A definitive agreement has today been reached for Intel to aquire Altera, in a deal first reported by CBR last week.
Last week CBR speculated that the deal could come in at £15 billion, but today we can confirm that the deal is being valued at $16.7 billion.
The top dog of processor chips will acquire smaller rival Altera for $54 per share in an all-cash transaction, a share price which was initially rejected earlier in April in initial talks with Intel.
"Intel’s growth strategy is to expand our core assets into profitable, complementary market segments," said Brian Krzanich, CEO of Intel.
"With this acquisition, we will harness the power of Moore’s Law to make the next generation of solutions not just better, but able to do more. Whether to enable new growth in the network, large cloud data centers or IoT segments, our customers expect better performance at lower costs.

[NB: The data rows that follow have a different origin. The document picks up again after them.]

(* Let $(X,d)$ be a compact metric space and $f:\mathbb N\to X$ a map whose anqie entropy equals $\lambda$ with $0\le\lambda<+\infty$. Then for every $N\ge1$ there is a map $f_N:\mathbb N\to f(\mathbb N)$ with finite range such that the anqie entropy of $f_N$ is at most $\lambda$ and $\sup_n d(f_N(n),f(n))\le 1/N$. In particular, for every bounded arithmetic function $f$ with $\mathrm{AE}(f)=\lambda<\infty$ and every $N\ge1$ there is an arithmetic function $f_N$ with finite range, $\mathrm{AE}(f_N)\le\lambda$ and $\|f_N-f\|_{l^\infty}\le 1/N$.
   Context: $\mathbb N=\{0,1,2,\ldots\}$. For a compact Hausdorff space $X$ and a map $f:\mathbb N\to X$, let $X_f$ be the closure in $X^{\mathbb N}$ (product topology) of $\{(f(n),f(n+1),f(n+2),\ldots):n\in\mathbb N\}$, and let $B_f$ be the shift $(\omega_0,\omega_1,\ldots)\mapsto(\omega_1,\omega_2,\ldots)$ restricted to $X_f$. The anqie entropy of $f$ is the topological entropy $h(B_f)$. For a bounded $f:\mathbb N\to\mathbb C$ this coincides with $\mathrm{AE}(f)$, the topological entropy of the shift-induced map on the maximal ideal space of the smallest unital C*-subalgebra of $l^\infty(\mathbb N)$ containing $f$ and invariant under $(\sigma_Ag)(n)=g(n+1)$. *)

From Stdlib Require Import Reals Lra List.
Open Scope R_scope.

Record is_metric {X : Type} (d : X -> X -> R) : Prop := {
  met_nonneg : forall x y, 0 <= d x y;
  met_eq : forall x y, d x y = 0 <-> x = y;
  met_sym : forall x y, d x y = d y x;
  met_tri : forall x y z, d x z <= d x y + d y z }.

Definition seq_compact {X : Type} (d : X -> X -> R) : Prop :=
  forall u : nat -> X, exists (phi : nat -> nat) (l : X),
    (forall n m, (n < m)%nat -> (phi n < phi m)%nat) /\
    (forall eps, eps > 0 -> exists N, forall n, (n >= N)%nat -> d (u (phi n)) l < eps).

(* w belongs to X_f: the closure in X^N (product topology) of the orbit
   {(f(n), f(n+1), ...) : n in N}. Basic product neighbourhoods of w are
   {w' | d(w k, w' k) < eps for all k <= K}. *)
Definition in_Xf {X : Type} (d : X -> X -> R) (f : nat -> X) (w : nat -> X) : Prop :=
  forall eps (K : nat), eps > 0 ->
    exists n : nat, forall k, (k <= K)%nat -> d (w k) (f (n + k)%nat) < eps.

(* The product topology on X^N is metrised by
     D(w,w') = sup_k d(w k, w' k) / 2^k.
   Bowen metric for the shift B: D_n(w,w') = max_{i<n} D(B^i w, B^i w').
   "D_n(w,w') > eps" unfolds to the following. *)
Definition bowen_sep {X : Type} (d : X -> X -> R) (n : nat) (eps : R)
  (w w' : nat -> X) : Prop :=
  exists i k : nat, (i < n)%nat /\ d (w (i + k)%nat) (w' (i + k)%nat) > eps * 2 ^ k.

Definition separated_set {X : Type} (d : X -> X -> R) (f : nat -> X)
  (n : nat) (eps : R) (s : list (nat -> X)) : Prop :=
  NoDup s /\ (forall w, In w s -> in_Xf d f w) /\
  (forall w w', In w s -> In w' s -> w <> w' -> bowen_sep d n eps w w').

(* Topological entropy (Bowen):  h(B_f) = sup_{eps>0} limsup_n (1/n) ln s(n,eps),
   s(n,eps) = maximal cardinality of an (n,eps)-separated subset of X_f.
   The anqie entropy of f is h(B_f) (a value in [0,+oo]).
   "h(B_f) <= lam" unfolds to: *)
Definition anqie_entropy_le {X : Type} (d : X -> X -> R) (f : nat -> X) (lam : R) : Prop :=
  forall eps, eps > 0 -> forall delta, delta > 0 ->
    exists N0 : nat, forall (n : nat) (s : list (nat -> X)),
      (n >= N0)%nat -> separated_set d f n eps s ->
      ln (INR (length s)) <= INR n * (lam + delta).

Definition anqie_entropy_ge {X : Type} (d : X -> X -> R) (f : nat -> X) (lam : R) : Prop :=
  forall delta, delta > 0 -> exists eps, eps > 0 /\
    forall N0 : nat, exists (n : nat) (s : list (nat -> X)),
      (n >= N0)%nat /\ separated_set d f n eps s /\
      ln (INR (length s)) > INR n * (lam - delta).

Definition anqie_entropy_eq {X : Type} (d : X -> X -> R) (f : nat -> X) (lam : R) : Prop :=
  anqie_entropy_le d f lam /\ anqie_entropy_ge d f lam.

From Stdlib Require Import Reals Lra Lia List Arith ClassicalEpsilon Classical.
Open Scope R_scope.

(* Since h(B_f) <= lam, for every level j there are a block length n j, with
   n j | n (j+1), and at most exp (n j (lam + dl j)) windows of f of length n j that
   eps j-approximate every window of that length.  Cut N into the stretches
   [n j, n (j+1)) and replace the n j-blocks of the j-th stretch by their approximating
   words, each of which is spelled recursively through the dictionaries of the lower
   levels.  The errors add up to sum eps j <= 1/N, the new sequence takes values in the
   finitely many level-0 words, and past the first block every n J-block of it is a
   level-J word; since its range is finite, separation in its orbit closure is seen on
   windows, whose number then grows at most like exp (m (lam + dl J)). *)

Lemma block_div_mod (c b q r : nat) : (0 < b)%nat -> (0 < c)%nat -> (r < b)%nat ->
  ((q * b + r) / (c * b) = q / c)%nat /\ ((q * b + r) mod (c * b) = q mod c * b + r)%nat.
Proof.
  intros Hb Hc Hr.
  pose proof (Nat.div_mod_eq q c) as Eq.
  pose proof (Nat.mod_upper_bound q c ltac:(lia)) as Hq.
  split.
  - symmetry. apply (Nat.div_unique _ _ _ (q mod c * b + r)); nia.
  - symmetry. apply (Nat.mod_unique _ _ (q / c)); nia.
Qed.

Lemma ex_max_bounded (P : nat -> Prop) (B : nat) :
  P O -> (forall k, P k -> (k <= B)%nat) ->
  exists k, P k /\ forall k', P k' -> (k' <= k)%nat.
Proof.
  intro H0. induction B as [|B IH]; intro HB.
  - exists O. split; auto.
  - destruct (classic (P (S B))) as [HS|HS].
    + exists (S B). split; auto.
    + apply IH. intros k Hk. specialize (HB k Hk).
      destruct (Nat.eq_dec k (S B)) as [->|]; [contradiction|lia].
Qed.

Lemma list_choice (P : nat -> nat -> Prop) : (forall b, exists a, P b a) ->
  forall B start, exists l, length l = B /\
    forall b, (b < B)%nat -> P (start + b)%nat (nth b l O).
Proof.
  intros H B. induction B as [|B IH]; intro start.
  - exists nil. split; auto. intros; lia.
  - destruct (H start) as [a Ha]. destruct (IH (S start)) as [l [Hl Hp]].
    exists (a :: l). split; [simpl; lia|].
    intros [|b] Hb; simpl.
    + rewrite Nat.add_0_r. exact Ha.
    + replace (start + S b)%nat with (S start + b)%nat by lia. apply Hp. lia.
Qed.

Fixpoint words {A : Type} (alphabet : list A) (B : nat) : list (list A) :=
  match B with
  | O => nil :: nil
  | S B' => flat_map (fun a => map (cons a) (words alphabet B')) alphabet
  end.

Lemma words_length {A : Type} (alphabet : list A) B :
  length (words alphabet B) = (length alphabet ^ B)%nat.
Proof.
  induction B as [|B IH]; simpl; auto.
  rewrite <- IH. generalize (words alphabet B) as ws. intro ws. clear IH.
  induction alphabet as [|a alphabet IHA]; simpl; auto.
  rewrite length_app, length_map, IHA. lia.
Qed.

Lemma in_words {A : Type} (alphabet : list A) B l :
  length l = B -> (forall y, In y l -> In y alphabet) -> In l (words alphabet B).
Proof.
  revert l. induction B as [|B IH]; intros [|a l] Hl HA; simpl in *; try lia; auto.
  apply in_flat_map. exists a. split; auto.
  apply in_map. apply IH; auto.
Qed.

Lemma list_bounded {A : Type} (g : A -> R) (F : list A) :
  exists B, forall x, In x F -> g x <= B.
Proof.
  induction F as [|x F [B HB]].
  - exists 0. simpl; tauto.
  - exists (Rmax (g x) B). intros y [<-|Hy].
    + apply Rmax_l.
    + eapply Rle_trans; [apply HB; auto | apply Rmax_r].
Qed.

Lemma list_diameter_bounded {X : Type} (d : X -> X -> R) (F : list X) :
  is_metric d -> exists Dm, forall a b, In a F -> In b F -> d a b <= Dm.
Proof.
  intro M. destruct F as [|a0 F].
  - exists 0. simpl; tauto.
  - destruct (list_bounded (d a0) (a0 :: F)) as [B HB].
    exists (2 * B). intros a b Ha Hb.
    pose proof (met_tri d M a a0 b) as Htri. rewrite (met_sym d M a a0) in Htri.
    pose proof (HB a Ha). pose proof (HB b Hb). lra.
Qed.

"This is the promise of Moore’s Law and it’s the innovation enabled by Intel and Altera joining forces. We look forward to working with the talented team at Altera to deliver this value to our customers and stockholders."
Altera will become an Intel business unit to facilitate continuity of existing and new customer sales and support. Intel plans to continue support and development for Altera’s ARM-based and power management product lines.
The transaction is expected to be accretive to Intel’s non-GAAP EPS and free cash flow in the first year after close. Intel intends to fund the acquisition, which is expected to close within six to nine months, with a combination of cash from the balance sheet and debt.
The semiconductor industry is currently a hotbed of M&A activity, with CBR also reporting the largest ever tech deal on record between Avago Technologies and Broadcom.